La destra religiosa occupa spazi, apre centri di preghiera e di indottrinamento, diffonde massicciamente un sistema radiotelevisivo organizzato quasi militarmente. Insomma, essa apre varchi ovunque, dilagando nelle coscienze della gente semplice e soprattutto facendo il gioco dei padroni di sempre.
La fine della sinistra e i colpi di Stato senza carri armati
In questa crisi la sinistra è caduta rovinosamente dentro le proprie contraddizioni, si è lasciata corrompere proprio dal sistema che aveva combattuto lungamente e adesso è affonnosamente in difesa di sé stessa. Il popolo l’ha lasciata e si sta consegnando nelle mani di chi lo aveva sempre sfruttato e manipolato.
L’analisi di Leonardo Boff, ripresa generosamente dal progressista «Jornal do Brasil», rivela impietosamente il dramma politico-sociale presente e oggi la sinistra si riscopre afasica e senza strategie. Non a caso sta tentando la carta, dopo la destituzione di Dilma, di elezioni anticipate, a seguito di una disperata modifica costituzionale, con un voto nel prossimo ottobre e con la ricandidatura di Lula.
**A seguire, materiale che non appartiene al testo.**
Lemma in01_of (s t : R) : 0 <= s -> s <= t -> t < 1 -> in01 s /\ in01 t.
Proof. by move=> s0 st t1; rewrite /in01; split; apply/andP; split; lra. Qed.

Lemma in01_0 : in01 0.
Proof. by rewrite /in01 lexx ltr01. Qed.

(* [lebesgue_measure] is a Caratheodory extension, hence an outer measure on
   every subset of R: no measurability side conditions arise below. *)
Definition len (A : set R) : R := fine (lebesgue_measure A).

Lemma lebesgue_le (A B : set R) :
  A `<=` B -> (lebesgue_measure A <= lebesgue_measure B)%E.
Proof.
move=> AB; rewrite /lebesgue_measure /lebesgue_stieltjes_measure /measure_extension.
exact: le_outer_measure.
Qed.

Lemma lebesgue_Ico (a b : R) :
  a <= b -> lebesgue_measure [set s | a <= s /\ s < b] = (b - a)%:E.
Proof.
move=> ab; have -> : [set s | a <= s /\ s < b] = [set` `[a, b[%R].
  by apply/seteqP; split => s /=; rewrite in_itv /=; [move=> [-> ->]|move/andP].
rewrite lebesgue_measure_itv /= lte_fin.
case: ltP => [_|ba]; first by rewrite -EFinD.
have -> : b = a by apply/eqP; rewrite eq_le ab ba.
by rewrite subrr.
Qed.

Lemma lebesgue_len (A : set R) : A `<=` Ico01 -> lebesgue_measure A = (len A)%:E.
Proof.
move=> A01; rewrite fineK // ge0_fin_numE ?measure_ge0 //.
apply: le_lt_trans (lebesgue_le (B := [set s | 0 <= s /\ s < 1]) _) _.
  by move=> s /A01 /andP.
by rewrite lebesgue_Ico // subr0 ltry.
Qed.

Lemma len_le (A B : set R) : B `<=` Ico01 -> A `<=` B -> len A <= len B.
Proof.
move=> B01 AB; have A01 : A `<=` Ico01 by move=> s /AB /B01.
by have := lebesgue_le AB; rewrite (lebesgue_len A01) (lebesgue_len B01) lee_fin.
Qed.

Lemma len_le_setU (A B C : set R) : B `<=` Ico01 -> C `<=` Ico01 ->
  A `<=` B `|` C -> len A <= len B + len C.
Proof.
move=> B01 C01 ABC; have BC01 : B `|` C `<=` Ico01 by move=> s [/B01|/C01].
apply: le_trans (len_le BC01 ABC) _.
have : (lebesgue_measure (B `|` C) <= lebesgue_measure B + lebesgue_measure C)%E.
  rewrite /lebesgue_measure /lebesgue_stieltjes_measure /measure_extension.
  exact: outer_measureU2.
by rewrite (lebesgue_len B01) (lebesgue_len C01) (lebesgue_len BC01) -EFinD lee_fin.
Qed.
(* Under a general RLCM with $J\times K$ binary $Q$-matrix $Q$, if $(Q,\boldsymbol\Theta,\boldsymbol p)$ are jointly generically identifiable then $Q$ is generically complete, i.e. $Q$ has $K$ rows which, after a permutation of these rows and of the columns, form a $K\times K$ matrix all of whose diagonal entries equal $1$.
   Context: A $Q$-matrix is a $J\times K$ binary matrix with rows $\boldsymbol q_j$. For $\boldsymbol\alpha,\boldsymbol q\in\{0,1\}^K$, $\boldsymbol\alpha\succeq\boldsymbol q$ means $\alpha_k\ge q_k$ for all $k$; $\odot$ is the elementwise product. RLCM: latent $\boldsymbol A\in\{0,1\}^K$ with $P(\boldsymbol A=\boldsymbol\alpha)=p_{\boldsymbol\alpha}>0$, $\sum p_{\boldsymbol\alpha}=1$; given $\boldsymbol A=\boldsymbol\alpha$, responses $R_1,\dots,R_J\in\{0,1\}$ independent with $P(R_j=1\mid\boldsymbol\alpha)=\theta_{j,\boldsymbol\alpha}$, $\boldsymbol\Theta=(\theta_{j,\boldsymbol\alpha})$; constraints: $\theta_{j,\boldsymbol\alpha}=\theta_{j,\boldsymbol\alpha'}$ if $\boldsymbol\alpha\odot\boldsymbol q_j=\boldsymbol\alpha'\odot\boldsymbol q_j$, and $\theta_{j,\boldsymbol\alpha}>\theta_{j,\boldsymbol\alpha'}$ if $\boldsymbol\alpha\succeq\boldsymbol q_j$, $\boldsymbol\alpha'\not\succeq\boldsymbol q_j$. In a general RLCM (e.g. GDINA: $\theta_{j,\boldsymbol\alpha}=\sum_{S\subseteq\{k:q_{j,k}=1\}}\beta_{j,S}\prod_{k\in S}\alpha_k$), apart from these constraints the item parameters are free (all main and interaction effects of required attributes); the parameter space is full-dimensional in $\mathbb R^m$. $(\bar Q,\bar{\boldsymbol\Theta},\bar{\boldsymbol p})\sim(Q,\boldsymbol\Theta,\boldsymbol p)$ means $\bar Q$ equals $Q$ up to column permutation and parameters coincide (after relabeling attributes). Joint generic identifiability: the set of $(\boldsymbol\Theta,\boldsymbol p)$ for which some $(\bar Q,\bar{\boldsymbol\Theta},\bar{\boldsymbol p})\not\sim(Q,\boldsymbol\Theta,\boldsymbol p)$ ($\bar Q$ any $J\times K$ binary matrix, valid parameters) gives the same distribution of $\boldsymbol R$ has Lebesgue measure zero in the parameter space. *)

From HB Require Import structures.
From mathcomp Require Import all_boot all_order all_algebra all_fingroup.
From mathcomp Require Import reals.
Set Implicit Arguments. Unset Strict Implicit. Unset Printing Implicit Defensive.
Import Order.TTheory GRing.Theory Num.Theory.
Local Open Scope ring_scope.

Definition att (K : nat) := {ffun 'I_K -> bool}.

Definition att0 (K : nat) : att K := [ffun => false].

Definition succeq K (a q : att K) : bool := [forall k, q k ==> a k].

Definition odot K (a q : att K) : att K := [ffun k => a k && q k].

Definition qrow J K (Q : 'M[bool]_(J, K)) (j : 'I_J) : att K := [ffun k => Q j k].

(* (Theta, p) are valid RLCM parameters for the Q-matrix Q (general RLCM:
   no constraints beyond the RLCM ones). *)
Definition valid_params (R : realType) J K (Q : 'M[bool]_(J, K))
    (theta : 'I_J -> att K -> R) (p : att K -> R) : Prop :=
  [/\ (forall a, 0 < p a),
      \sum_(a : att K) p a = 1,
      (forall j a, 0 <= theta j a <= 1),
      (forall j a a', odot a (qrow Q j) = odot a' (qrow Q j) ->
                      theta j a = theta j a') &
      (forall j a a', succeq a (qrow Q j) -> ~~ succeq a' (qrow Q j) ->
                      theta j a' < theta j a)].

Definition resp_dist (R : realType) J K (theta : 'I_J -> att K -> R)
    (p : att K -> R) (r : {ffun 'I_J -> bool}) : R :=
  \sum_(a : att K) p a *
     \prod_(j < J) (if r j then theta j a else 1 - theta j a).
La destra sta pensando di arricchire questa modifica con il divieto alla rielezione degli ex-presidenti, affossando in questo modo anche l’ormai stanco Lula, addirittura umiliato da un oscuro giudice paulista, Sérgio Moro, e tradotto obbligatoriamente in un commissariato della polizia federale per rispondere di presunti abusi finanziari di suoi familiari.
D’altro canto la candidatura di Lula è il segno di una disperazione elettorale di una sinistra che sta affogando in un sistema politico, che sta a sua volta affogando e che corre il rischio concreto di restare senza la prima, la seconda e la terza carica della Repubblica Federativa.
Come è facile comprendere, in altri tempi un colpo di Stato militare avrebbe rapidamente risolto ogni instabilità, con tanto di carri armati per le strade, mentre oggi il sistema neoliberale si è affinato e non ha bisogno di «putsch» cruenti. Può tranquillamente organizzare e mettere in atto colpi di Stato senza carri armati.
È ormai tutta l’America Latina a essere attraversata da questo vento di rivincita delle «destre eterne».
Un insegnamento radicale
Da tutto ciò traggo un insegnamento radicale, che mi comunica alcune verità profonde: il neoliberalismo è un sistema di morte, la democrazia rappresentativa ha subìto un attacco sanguinoso da parte di questo capitalismo innamorato della morte e soprattutto la tanto agognata rivoluzione ha bisogno di nuovi processi, che non sono più quelli delle lotte di liberazione romantiche di un tempo e dei loro linguaggi stantii, ma di un’educazione politica collettiva e di partiti politici che, dopo avere elaborato progetti di sviluppo, li attuino in profondità e non si nascondano dietro una pur lodevole e semplice iniziativa sociale.
Tutto ciò non è più sufficiente e il sistema delle destre eterne va sconfitto sul serio.